GOAL OF THE EXERCISE: For the listing below, print exactly the lines from the line with "Definition sigma_star (R" to the line with "exists k : R, 0", both included, and nothing beyond them.

START GIVEN ENTRIES

(* Let $\mu$ be a probability measure on $\mathbb{R}$ with finite support $V$ and let $c:V\to\mathbb{R}$ satisfy $c(v)\le v$ for all $v\in V$. Then there exist incentive compatible distributions $\nu_1,\dots,\nu_J$ and weights $(q_1,\dots,q_J)\in\Delta(\{1,\dots,J\})$ such that $\sum_j q_j\nu_j=\mu$ and $\sigma^*(c,\mu)\subset\sigma^*(c,\nu_j)$ for every $j$.
   Context: For a finitely supported probability $\nu$ on $V$ and $p\in\mathbb{R}$, $\pi(c,\nu,p)=\sum_{v\in\mathrm{Supp}(\nu),\,v\ge p}(p-c(v))\nu(\{v\})$ and $\sigma^*(c,\nu)=\arg\max_{p\in\mathbb{R}}\pi(c,\nu,p)$. A distribution $\nu$ on $V$ is an incentive compatible distribution (ICD) if $\pi(c,\nu,p)$ is the same nonnegative constant for all $p\in\mathrm{Supp}(\nu)$. *)

From HB Require Import structures.
From mathcomp Require Import all_boot all_order all_algebra.
From mathcomp Require Import reals.
Set Implicit Arguments. Unset Strict Implicit. Unset Printing Implicit Defensive.
Import Order.TTheory GRing.Theory Num.Theory.
Local Open Scope ring_scope.

(* A finitely supported distribution is represented by its mass function
   nu : R -> R, nu v = nu({v}).  [V] is a finite (duplicate-free) list of reals. *)

Definition is_dist_on (R : realType) (V : seq R) (nu : R -> R) : Prop :=
  (forall v, 0 <= nu v) /\ (forall v, v \notin V -> nu v = 0) /\
  \sum_(v <- V) nu v = 1.

Definition supp (R : realType) (V : seq R) (nu : R -> R) (v : R) : bool :=
  (v \in V) && (0 < nu v).

Definition profit (R : realType) (V : seq R) (c : R -> R) (nu : R -> R) (p : R) : R :=
  \sum_(v <- V | supp V nu v && (p <= v)) (p - c v) * nu v.

Definition sigma_star (R : realType) (V : seq R) (c : R -> R) (nu : R -> R) (p : R) : Prop :=
  forall p' : R, profit V c nu p' <= profit V c nu p.

Definition is_ICD (R : realType) (V : seq R) (c : R -> R) (nu : R -> R) : Prop :=
  is_dist_on V nu /\
  exists k : R, 0 <= k /\ forall p, supp V nu p -> profit V c nu p = k.

(* Induction on the size of the support of mu.  Let w_1 < ... < w_r be the
   support points of mu up to and including the first one with c w = w (all of
   them if there is none).  Solving the indifference conditions
   pi(w_i) = w_r - c w_r from the top down gives an ICD nu on {w_1, ..., w_r}.
   Its profit is maximal at every support point of mu: on {w_1, ..., w_r} by
   incentive compatibility, and above w_r because there both the profit of nu
   and, as c w_r = w_r, its maximum vanish.  Remove the largest multiple t nu
   with t nu <= mu: this kills a support point, and since t nu has constant
   maximal profit on Supp mu, every optimal price for mu = (mu - t nu) + t nu is
   optimal for both summands.  Recurse on mu - t nu. *)

From HB Require Import structures.
From mathcomp Require Import all_boot all_order all_algebra.
From mathcomp Require Import reals.
From mathcomp Require Import ring lra.
Set Implicit Arguments. Unset Strict Implicit. Unset Printing Implicit Defensive.
Import Order.TTheory GRing.Theory Num.Theory.
Local Open Scope ring_scope.

Lemma seq_argmin (T : eqType) (d : Order.disp_t) (O : orderType d) (f : T -> O) (s : seq T) :
  s != [::] -> exists2 x, x \in s & forall y, y \in s -> (f x <= f y)%O.
Proof.
elim: s => [//|a [|b s] IH _]; first by exists a => [|y]; rewrite inE // => /eqP ->.
have [x xs Hx] := IH isT; case: (leP (f a) (f x)) => [ax|xa].
  exists a; first exact: mem_head.
  by move=> y; rewrite inE => /predU1P [-> //|/Hx]; apply: le_trans.
exists x; first by rewrite inE xs orbT.
by move=> y; rewrite inE => /predU1P [->|/Hx //]; apply: ltW.
Qed.

Lemma split_at_first (T : Type) (P : pred T) (x : T) (s : seq T) :
  exists s1 s2, [/\ s = s1 ++ s2, all P (belast x s1) & s2 = [::] \/ ~~ P (last x s1)].
Proof.
elim: s x => [|y s IH] x; first by exists [::], [::]; split; try left.
have [Px|nPx] := boolP (P x); last by exists [::], (y :: s); split; try right.
have [s1 [s2 [-> Hs1 Hs2]]] := IH y.
by exists (y :: s1), s2; split => //=; rewrite Px.
Qed.

Lemma sum_supported (R : nmodType) (T : eqType) (f : T -> R) (S V : seq T) :
  uniq S -> uniq V -> {subset S <= V} -> (forall x, x \notin S -> f x = 0) ->
  \sum_(v <- V) f v = \sum_(v <- S) f v.
Proof.
move=> uS uV SV f0; rewrite (bigID (mem S)) /= [X in _ + X]big1 ?addr0; last first.
  by move=> v /f0.
rewrite -big_filter; apply: perm_big; apply: uniq_perm; rewrite ?filter_uniq //.
by move=> v; rewrite mem_filter; case vS: (v \in S); rewrite ?(SV v vS).
Qed.

Lemma sub_count_lt (T : eqType) (a1 a2 : pred T) (s : seq T) x :
  subpred a1 a2 -> x \in s -> a2 x -> ~~ a1 x -> (count a1 s < count a2 s)%N.
Proof.
move=> a12 + a2x na1x; elim: s => //= y s IH; rewrite inE => /predU1P [<-|xs].
  by rewrite (negbTE na1x) a2x ltnS leq_add2l; apply: sub_count.
by rewrite -addnS leq_add ?IH //; case: (boolP (a1 y)) => // /a12 ->.
Qed.

Section Gain.
Variables (R : realType) (c : R -> R).

(* [profit] without the restriction to the support, hence linear in [m]. *)
Definition gain (V : seq R) (m : R -> R) (p : R) : R :=
  \sum_(v <- V | p <= v) (p - c v) * m v.

Lemma gainB V m nu t p :
  gain V (fun v => m v - t * nu v) p = gain V m p - t * gain V nu p.
Proof. by rewrite /gain mulr_sumr -sumrB; apply: eq_bigr => v _; ring. Qed.

Lemma gainZ V m a p : gain V (fun v => a * m v) p = a * gain V m p.
Proof. by rewrite /gain mulr_sumr; apply: eq_bigr => v _; ring. Qed.

Variable V : seq R.

Lemma notin_supp (m : R -> R) v :
  (forall v, 0 <= m v) -> v \in V -> ~~ supp V m v -> m v = 0.
Proof. by move=> m0 vV; rewrite /supp vV -leNgt => mv; apply/le_anti; rewrite mv m0. Qed.

Lemma supp_subr (m n : R -> R) v : (forall v, 0 <= n v) ->
  supp V (fun v => m v - n v) v -> supp V m v.
Proof. by move=> n0 /andP [vV mnv]; rewrite /supp vV (lt_le_trans mnv) // gerBl. Qed.

Lemma profit_gain m p : (forall v, 0 <= m v) -> profit V c m p = gain V m p.
Proof.
move=> m0; rewrite /profit /gain [RHS](bigID (supp V m)) /= [X in _ + X]big_seq_cond.
rewrite [X in _ + X]big1 ?addr0; last first.
  by move=> v /and3P [vV _ /(notin_supp m0 vV) ->]; rewrite mulr0.
by apply: eq_bigl => v; rewrite andbC.
Qed.

Lemma sigma_star_gain m p : (forall v, 0 <= m v) ->
  sigma_star V c m p <-> forall p', gain V m p' <= gain V m p.
Proof. by move=> m0; split => H p'; have := H p'; rewrite !profit_gain. Qed.

Lemma gain_le_support m p : (forall v, 0 <= m v) ->
  gain V m p = 0 \/ exists2 w, supp V m w & gain V m p <= gain V m w.
Proof.
move=> m0; have [|no_supp] := boolP (has (fun v => supp V m v && (p <= v)) V); last first.
  left; rewrite /gain big_seq_cond big1 // => v /andP [vV pv].
  rewrite (notin_supp m0 vV) ?mulr0 //; apply: contra no_supp => mv.
  by apply/hasP; exists v; rewrite ?mv.
rewrite has_filter => /(seq_argmin id) [w].
rewrite mem_filter => /andP [/andP [w_supp pw] wV] w_min.
right; exists w => //; rewrite /gain big_mkcond [X in _ <= X]big_mkcond /= big_seq.
rewrite [X in _ <= X]big_seq; apply: ler_sum => v vV.
have [wv|vw] := leP w v.
  by rewrite (le_trans pw wv) ler_wpM2r ?lerB.
case: ifP => // pv; case: (boolP (supp V m v)) => [mv|/(notin_supp m0 vV) ->].
  by have := w_min v; rewrite mem_filter mv pv vV leNgt vw => /(_ isT).
by rewrite mulr0.
Qed.

Hypothesis c_le : {in V, forall v, c v <= v}.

END GIVEN ENTRIES

SOLUTION TO THIS TASK:
Definition sigma_star (R : realType) (V : seq R) (c : R -> R) (nu : R -> R) (p : R) : Prop :=
  forall p' : R, profit V c nu p' <= profit V c nu p.

Definition is_ICD (R : realType) (V : seq R) (c : R -> R) (nu : R -> R) : Prop :=
  is_dist_on V nu /\
  exists k : R, 0 <= k /\ forall p, supp V nu p -> profit V c nu p = k.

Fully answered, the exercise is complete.